228819 Geographic disparities in levels of health insurance coverage for US children

Monday, November 8, 2010 : 11:30 AM - 11:50 AM

Michael D. Kogan, PhD , Office of Epidemiology, Policy and Evaluation, HRSA/ Maternal and Child Health Bureau, Rockville, MD
Paul Newacheck, DrPH , Institute of Health Policy Studies, University of California, San Francisco, San Francisco, CA
Stephen J. Blumberg, PhD , National Center for Health Statistics, Centers for Disease Control and Prevention, Hyattsville, MD
Reem M. Ghandour, DrPH, MPA , Office of Epidemiology, Policy and Evaluation, Maternal and Child Health Bureau, Rockville, MD
Gopal K. Singh, PhD , Office of Data and Program Development, HRSA/Maternal and Child Health Bureau, Rockville, MD
Bonnie B. Strickland, PhD , Maternal and Child Health Bureau/Division of Services for Children with Special Health Care Needs, Health Resources and Services Administration, Rockville, MD
Peter C. Van Dyck, MD, MPH , Maternal and Child Health Bureau, HRSA, Rockville, MD
National and state-level efforts have sought to increase access to health insurance coverage for children. Previous state comparisons of children's health coverage have only examined variations in current insurance status. However, research indicates that both periods without insurance and being underinsured (having insurance that does not sufficiently meet the child's needs) put children at higher risk for adverse outcomes. We used the 2007 National Survey of Children's Health (N=91,642) to measure state-level variation in level of health insurance coverage. We used indicators of insurance adequacy and continuity to create a four-level variable: children who were never insured during the past year; children who had periods without insurance in the last year; children who had continuous but inadequate coverage (the underinsured); and children who had continuous and adequate coverage. We calculated unadjusted and adjusted levels of insurance coverage across states. Wide geographic variations across each level of insurance were found. There was more than a 20-fold difference in the percent of children who were never insured, from 0.4% in Massachusetts to 10.8% in Nevada and over a 3-fold difference in the percent who had periods without insurance, from 5.4% in Massachusetts to 16.9% in Mississippi and a 2-fold difference in the percent who were underinsured, from 14.2% in Hawaii to 27% in Minnesota. Only 55.5% of children in Montana had continuous and adequate coverage compared to 78.6% in Hawaii.
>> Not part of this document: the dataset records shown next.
(* Let $\alpha$ and $\beta$ be elements of order 3 in the symmetric group $S_6$ that do not belong to the same Sylow 3-subgroup. Then $\alpha\beta$ or $\alpha\beta^2$ is not an element of order 3. *)

From mathcomp Require Import all_boot all_fingroup all_solvable.
Set Implicit Arguments. Unset Strict Implicit. Unset Printing Implicit Defensive.

From mathcomp Require Import all_boot all_fingroup all_solvable.

Set Implicit Arguments.
Unset Strict Implicit.

(* If a, b, ab and ab^2 all have order dividing 3 in S_6, then a and b
   commute: this is verified by exhausting S_6, a permutation being encoded by
   its list of images.  Commuting 3-elements generate a 3-group, which lies in
   some Sylow 3-subgroup. *)

Section PermSeq.

Variable n : nat.

Definition perm_seq (s : 'S_n) : seq nat := [seq val (s i) | i <- enum 'I_n].

(* Composition in diagrammatic order, matching [permM : (s * t) x = t (s x)]. *)
Definition seq_mul (u v : seq nat) : seq nat :=
  [seq nth 0 v (nth 0 u i) | i <- iota 0 n].

Definition seq_exp (u : seq nat) (k : nat) : seq nat :=
  iter k (seq_mul u) (iota 0 n).

Lemma nth_perm_seq (s : 'S_n) (i : 'I_n) : nth 0 (perm_seq s) i = s i.
Proof. by rewrite /perm_seq (nth_map i) ?nth_ord_enum // size_enum_ord. Qed.

Lemma perm_seq_inj : injective perm_seq.
Proof.
move=> s t eq_st; apply/permP => i; apply: ord_inj.
by rewrite -!nth_perm_seq eq_st.
Qed.

Lemma perm_seq_mul (s t : 'S_n) :
  perm_seq (s * t)%g = seq_mul (perm_seq s) (perm_seq t).
Proof.
rewrite {1}/perm_seq /seq_mul -val_enum_ord -map_comp.
by apply: eq_map => i /=; rewrite !nth_perm_seq permM.
Qed.

Lemma perm_seq1 : perm_seq 1%g = iota 0 n.
Proof. by rewrite /perm_seq -val_enum_ord; apply: eq_map => i; rewrite perm1. Qed.

Lemma perm_seq_exp (s : 'S_n) (k : nat) :
  perm_seq (s ^+ k)%g = seq_exp (perm_seq s) k.
Proof.
elim: k => [|k IHk]; first by rewrite expg0 perm_seq1.
by rewrite expgS perm_seq_mul IHk.
Qed.

Lemma seq_exp_perm_seq_eq1 (s : 'S_n) (k : nat) :
  (seq_exp (perm_seq s) k == iota 0 n) = (s ^+ k == 1)%g.
Proof. by rewrite -perm_seq_exp -perm_seq1 (inj_eq perm_seq_inj). Qed.

Lemma perm_seq_in_permutations (s : 'S_n) :
  perm_seq s \in permutations (iota 0 n).
Proof.
have perm_s : perm_eq [seq s i | i <- enum 'I_n] (enum 'I_n).
  apply: uniq_perm; first by rewrite (map_inj_uniq (@perm_inj _ s)) enum_uniq.
    exact: enum_uniq.
  by move=> i; rewrite mem_enum -[i](permKV s) map_f ?mem_enum.
by rewrite mem_permutations /perm_seq -val_enum_ord map_comp perm_map.
Qed.

End PermSeq.

Local Open Scope group_scope.

Lemma seq_commute_of_exponent3_check :
  let cube_free u := seq_exp 6 u 3 == iota 0 6 in
  all (fun u => cube_free u ==>
         all (fun v => [&& cube_free v, cube_free (seq_mul 6 u v)
                         & cube_free (seq_mul 6 u (seq_exp 6 v 2))]
                       ==> (seq_mul 6 u v == seq_mul 6 v u))
             (permutations (iota 0 6)))
      (permutations (iota 0 6)).
Proof. by vm_compute. Qed.

Lemma S6_commute_of_exponent3 (a b : 'S_6) :
  a ^+ 3 = 1 -> b ^+ 3 = 1 ->
  (a * b) ^+ 3 = 1 -> (a * b ^+ 2) ^+ 3 = 1 -> commute a b.
Proof.
move=> a3 b3 ab3 abb3.
have /allP/(_ _ (perm_seq_in_permutations a)) := seq_commute_of_exponent3_check.
rewrite (seq_exp_perm_seq_eq1 a 3) a3 eqxx => /allP/(_ _ (perm_seq_in_permutations b)).
rewrite -(perm_seq_exp b 2) -!perm_seq_mul !seq_exp_perm_seq_eq1 b3 ab3 abb3.
by rewrite eqxx (inj_eq (@perm_seq_inj 6)) => /eqP.
Qed.

Lemma commuting_p_elts_in_Sylow (gT : finGroupType) (p : nat) (G : {group gT})
    (a b : gT) :
  a \in G -> b \in G -> p.-elt a -> p.-elt b -> commute a b ->
  exists2 P : {group gT}, P \in 'Syl_p(G) & (a \in P) && (b \in P).
Proof.
move=> aG bG pa pb cab.
have sQG : <[a]> <*> <[b]> \subset G by rewrite join_subG !cycle_subG aG.
have pQ : p.-group (<[a]> <*> <[b]>).
  by rewrite cent_joinEl ?cents_cycle // pgroupM; apply/andP.
have [P sylP sQP] := Sylow_superset sQG pQ.
exists P; first by rewrite inE.
by rewrite !(subsetP sQP) // ?mem_gen // inE cycle_id ?orbT.
Qed.

Theorem lemma4 (alpha beta : 'S_6) :
  #[alpha]%g = 3 -> #[beta]%g = 3 ->
  ~ (exists2 P : {group 'S_6}, P \in ('Syl_3([set: 'S_6]))%g & (alpha \in P) && (beta \in P)) ->
  #[(alpha * beta)%g]%g != 3 \/ #[(alpha * beta ^+ 2)%g]%g != 3.
Proof.
move=> o_alpha o_beta no_common_Sylow.
have cube1 (x : 'S_6) : #[x] = 3 -> x ^+ 3 = 1.
  by move=> ox; apply/eqP; rewrite -order_dvdn ox.
have elt3 (x : 'S_6) : #[x] = 3 -> 3.-elt x by rewrite /p_elt => ->.
case: (eqVneq #[alpha * beta] 3) => o_ab; last by left.
case: (eqVneq #[alpha * beta ^+ 2] 3) => o_abb; last by right.
case: no_common_Sylow; apply: commuting_p_elts_in_Sylow; rewrite ?inE ?elt3 //.
exact: S6_commute_of_exponent3 (cube1 _ o_alpha) (cube1 _ o_beta)
  (cube1 _ o_ab) (cube1 _ o_abb).
Qed.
State-based patterns of health insurance adequacy can guide national and state efforts to improve access to health insurance coverage for children.

Learning Areas:
Epidemiology
Provision of health care to the public
Public health or related public policy
Public health or related research

Learning Objectives:
1. Compare the levels of health insurance coverage across states. 2. Identify the states with the highest and lowest levels of children who were never insured, sometimes insured, and underinsured. 3. Formulate possible reasons for the large disparities across states and how these can be applied nationally.
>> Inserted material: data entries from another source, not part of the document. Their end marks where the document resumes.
(* Let $K\subset\mathbb{R}^n$ and $C\subset\mathbb{R}^m$ be nonempty, convex, closed and bounded sets, and let $f,h:\mathbb{R}^n\times\mathbb{R}^m\to\mathbb{R}$ be continuous functions such that, for every $y\in K$, $f(y,\cdot)$ and $h(y,\cdot)$ are convex, and such that $f$ takes only positive values. Let $\varepsilon>0$ and $y\in K$. Then the problem $\min\{h(y,z)+\varepsilon f^2(y,z)\mid z\in C\}$ admits at least one solution, i.e. $\mathcal{S}_\varepsilon(y)\neq\emptyset$, where $\mathcal{S}_\varepsilon(y)=\operatorname{argmin}\{h(y,z)+\varepsilon f^2(y,z)\mid z\in C\}$. Moreover, there exists a constant $\kappa_y\in\mathbb{R}$ such that $f(y,x)=\kappa_y$ for all $x\in\mathcal{S}_\varepsilon(y)$.
   Context: $f^2(y,z)$ denotes $(f(y,z))^2$. *)

From HB Require Import structures.
From mathcomp Require Import all_boot all_order all_algebra.
From mathcomp Require Import all_classical all_reals all_analysis.
Set Implicit Arguments. Unset Strict Implicit. Unset Printing Implicit Defensive.
Import Order.TTheory GRing.Theory Num.Theory.
Import numFieldNormedType.Exports.
Local Open Scope classical_set_scope.
Local Open Scope ring_scope.

Definition is_convex_set (R : realType) (V : lmodType R) (A : set V) : Prop :=
  forall x y : V, A x -> A y -> forall t : R, 0 <= t -> t <= 1 ->
    A (t *: x + (1 - t) *: y).

Definition is_convex_fun (R : realType) (V : lmodType R) (g : V -> R) : Prop :=
  forall x y : V, forall t : R, 0 <= t -> t <= 1 ->
    g (t *: x + (1 - t) *: y) <= t * g x + (1 - t) * g y.

Definition argmin_on (T : Type) (R : realType) (g : T -> R) (A : set T) : set T :=
  [set z | A z /\ forall w, A w -> g z <= g w].

Definition S_eps (R : realType) (n m : nat)
  (f h : 'rV[R]_n * 'rV[R]_m -> R) (C : set 'rV[R]_m) (eps : R) (y : 'rV[R]_n)
  : set 'rV[R]_m :=
  argmin_on (fun z => h (y, z) + eps * (f (y, z)) ^+ 2) C.

From HB Require Import structures.
From mathcomp Require Import all_boot all_order all_algebra.
From mathcomp Require Import all_classical all_reals all_analysis.
From mathcomp Require Import ring lra.
Set Implicit Arguments.
Unset Strict Implicit.
Unset Printing Implicit Defensive.
Import Order.TTheory GRing.Theory Num.Theory.
Import numFieldNormedType.Exports.
Local Open Scope classical_set_scope.
Local Open Scope ring_scope.

(* Existence is the extreme value theorem on the compact set C. For the value
   of f, compare two minimizers x0, x1 with their midpoint: h and f are convex
   and f >= 0, so the penalized objective at the midpoint lies below the average
   of its values at x0 and x1 by eps (f x0 - f x1)^2 / 4, while it cannot lie
   below the common minimal value. *)

Lemma compact_argmin_neq0 (T : topologicalType) (R : realType) (g : T -> R)
    (A : set T) :
  A !=set0 -> compact A -> {within A, continuous g} -> argmin_on g A !=set0.
Proof.
move=> A0 Acpt gc; have [c cA cmin] := compact_EVT_min A0 Acpt gc.
exists c; split; first by rewrite inE in cA.
by move=> w wA; apply: cmin; rewrite inE.
Qed.

Lemma continuous_add_scale_sqr (T : topologicalType) (R : realType)
    (g k : T -> R) (eps : R) :
  continuous g -> continuous k -> continuous (fun z => g z + eps * k z ^+ 2).
Proof.
move=> gc kc z; apply: cvgD; first exact: gc.
apply: cvgM; first exact: cvg_cst.
by rewrite expr2; apply: cvgM; exact: kc.
Qed.

Lemma sqr_convex_comb (R : comPzRingType) (t a b : R) :
  (t * a + (1 - t) * b) ^+ 2
  = t * a ^+ 2 + (1 - t) * b ^+ 2 - t * (1 - t) * (a - b) ^+ 2.
Proof. ring. Qed.

Section PenalizedConvexArgmin.
Variables (R : realType) (V : lmodType R) (g k : V -> R) (eps : R).
Hypotheses (g_cvx : is_convex_fun g) (k_cvx : is_convex_fun k).
Hypotheses (k_ge0 : forall x, 0 <= k x) (eps_gt0 : 0 < eps).

Let pen z := g z + eps * k z ^+ 2.

Lemma convex_ge0_sqr_gap x y t : 0 <= t -> t <= 1 ->
  k (t *: x + (1 - t) *: y) ^+ 2
  <= t * k x ^+ 2 + (1 - t) * k y ^+ 2 - t * (1 - t) * (k x - k y) ^+ 2.
Proof.
move=> t0 t1; rewrite -sqr_convex_comb.
have kmid := k_cvx x y t0 t1.
by rewrite ler_pXn2r ?nnegrE // (le_trans (k_ge0 _) kmid).
Qed.

Lemma penalized_convex_gap x y t : 0 <= t -> t <= 1 ->
  pen (t *: x + (1 - t) *: y) + eps * (t * (1 - t)) * (k x - k y) ^+ 2
  <= t * pen x + (1 - t) * pen y.
Proof.
move=> t0 t1; have gmid := g_cvx x y t0 t1.
have kmid := ler_wpM2l (ltW eps_gt0) (convex_ge0_sqr_gap x y t0 t1).
rewrite /pen; move: gmid kmid.
move: (g _) (k (t *: x + _)) (k x) (k y) => gm km kx ky; nra.
Qed.

Variable C : set V.
Hypothesis C_cvx : is_convex_set C.

Lemma argmin_penalized_eq x0 x1 :
  argmin_on pen C x0 -> argmin_on pen C x1 -> k x0 = k x1.
Proof.
move=> [x0C x0min] [x1C x1min].
have half0 : 0 <= 2^-1 :> R by rewrite invr_ge0 ler0n.
have half1 : 2^-1 <= 1 :> R by rewrite invf_le1 ?ler1n.
have w_gt0 : 0 < eps * (2^-1 * (1 - 2^-1)) :> R.
  by rewrite mulr_gt0 // mulr_gt0 ?invr_gt0 ?subr_gt0 ?invf_lt1 ?ltr0n ?ltr1n.
have pen_eq : pen x1 = pen x0 by apply/le_anti; rewrite x1min // x0min.
have gap := penalized_convex_gap x0 x1 half0 half1.
rewrite pen_eq -mulrDl subrKC mul1r in gap.
have d_le0 : eps * (2^-1 * (1 - 2^-1)) * (k x0 - k x1) ^+ 2 <= 0.
  rewrite -(lerD2l (pen (2^-1 *: x0 + (1 - 2^-1) *: x1))) addr0.
  exact: le_trans gap (x0min _ (C_cvx x0C x1C half0 half1)).
move: d_le0; rewrite pmulr_rle0 // => d_le0.
by apply/eqP; rewrite -subr_eq0 -sqrf_eq0 eq_le d_le0 sqr_ge0.
Qed.

End PenalizedConvexArgmin.

Theorem lemma2p1 (R : realType) (n m : nat)
  (K : set 'rV[R]_n) (C : set 'rV[R]_m)
  (f h : 'rV[R]_n * 'rV[R]_m -> R)
  (K0 : K !=set0) (Kc : is_convex_set K) (Kcl : closed K) (Kb : bounded_set K)
  (C0 : C !=set0) (Cc : is_convex_set C) (Ccl : closed C) (Cb : bounded_set C)
  (fc : continuous f) (hc : continuous h)
  (fcvx : forall y, K y -> is_convex_fun (fun z => f (y, z)))
  (hcvx : forall y, K y -> is_convex_fun (fun z => h (y, z)))
  (fpos : forall p, 0 < f p)
  (eps : R) (heps : 0 < eps) (y : 'rV[R]_n) (hy : K y) :
  S_eps f h C eps y !=set0 /\
  exists kappa : R, forall x, S_eps f h C eps y x -> f (y, x) = kappa.
Proof.
have pen_cont : continuous (fun z => h (y, z) + eps * f (y, z) ^+ 2).
  exact: continuous_add_scale_sqr ((continuous_curry hc).2 y)
    ((continuous_curry fc).2 y).
have [x0 Sx0] := compact_argmin_neq0 C0 (bounded_closed_compact Cb Ccl)
  (continuous_subspaceT pen_cont).
split; first by exists x0.
exists (f (y, x0)) => x Sx.
apply: (argmin_penalized_eq (hcvx y hy) (fcvx y hy) _ heps Cc Sx Sx0).
by move=> z; exact: ltW.
Qed.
Keywords: Children, Health Insurance

Presenting author's disclosure statement:

Qualified on the content I am responsible for because: I am the project officer on this study, and I have published manuscripts on related topics.
Any relevant financial relationships? No

I agree to comply with the American Public Health Association Conflict of Interest and Commercial Support Guidelines, and to disclose to the participants any off-label or experimental uses of a commercial product or service discussed in my presentation.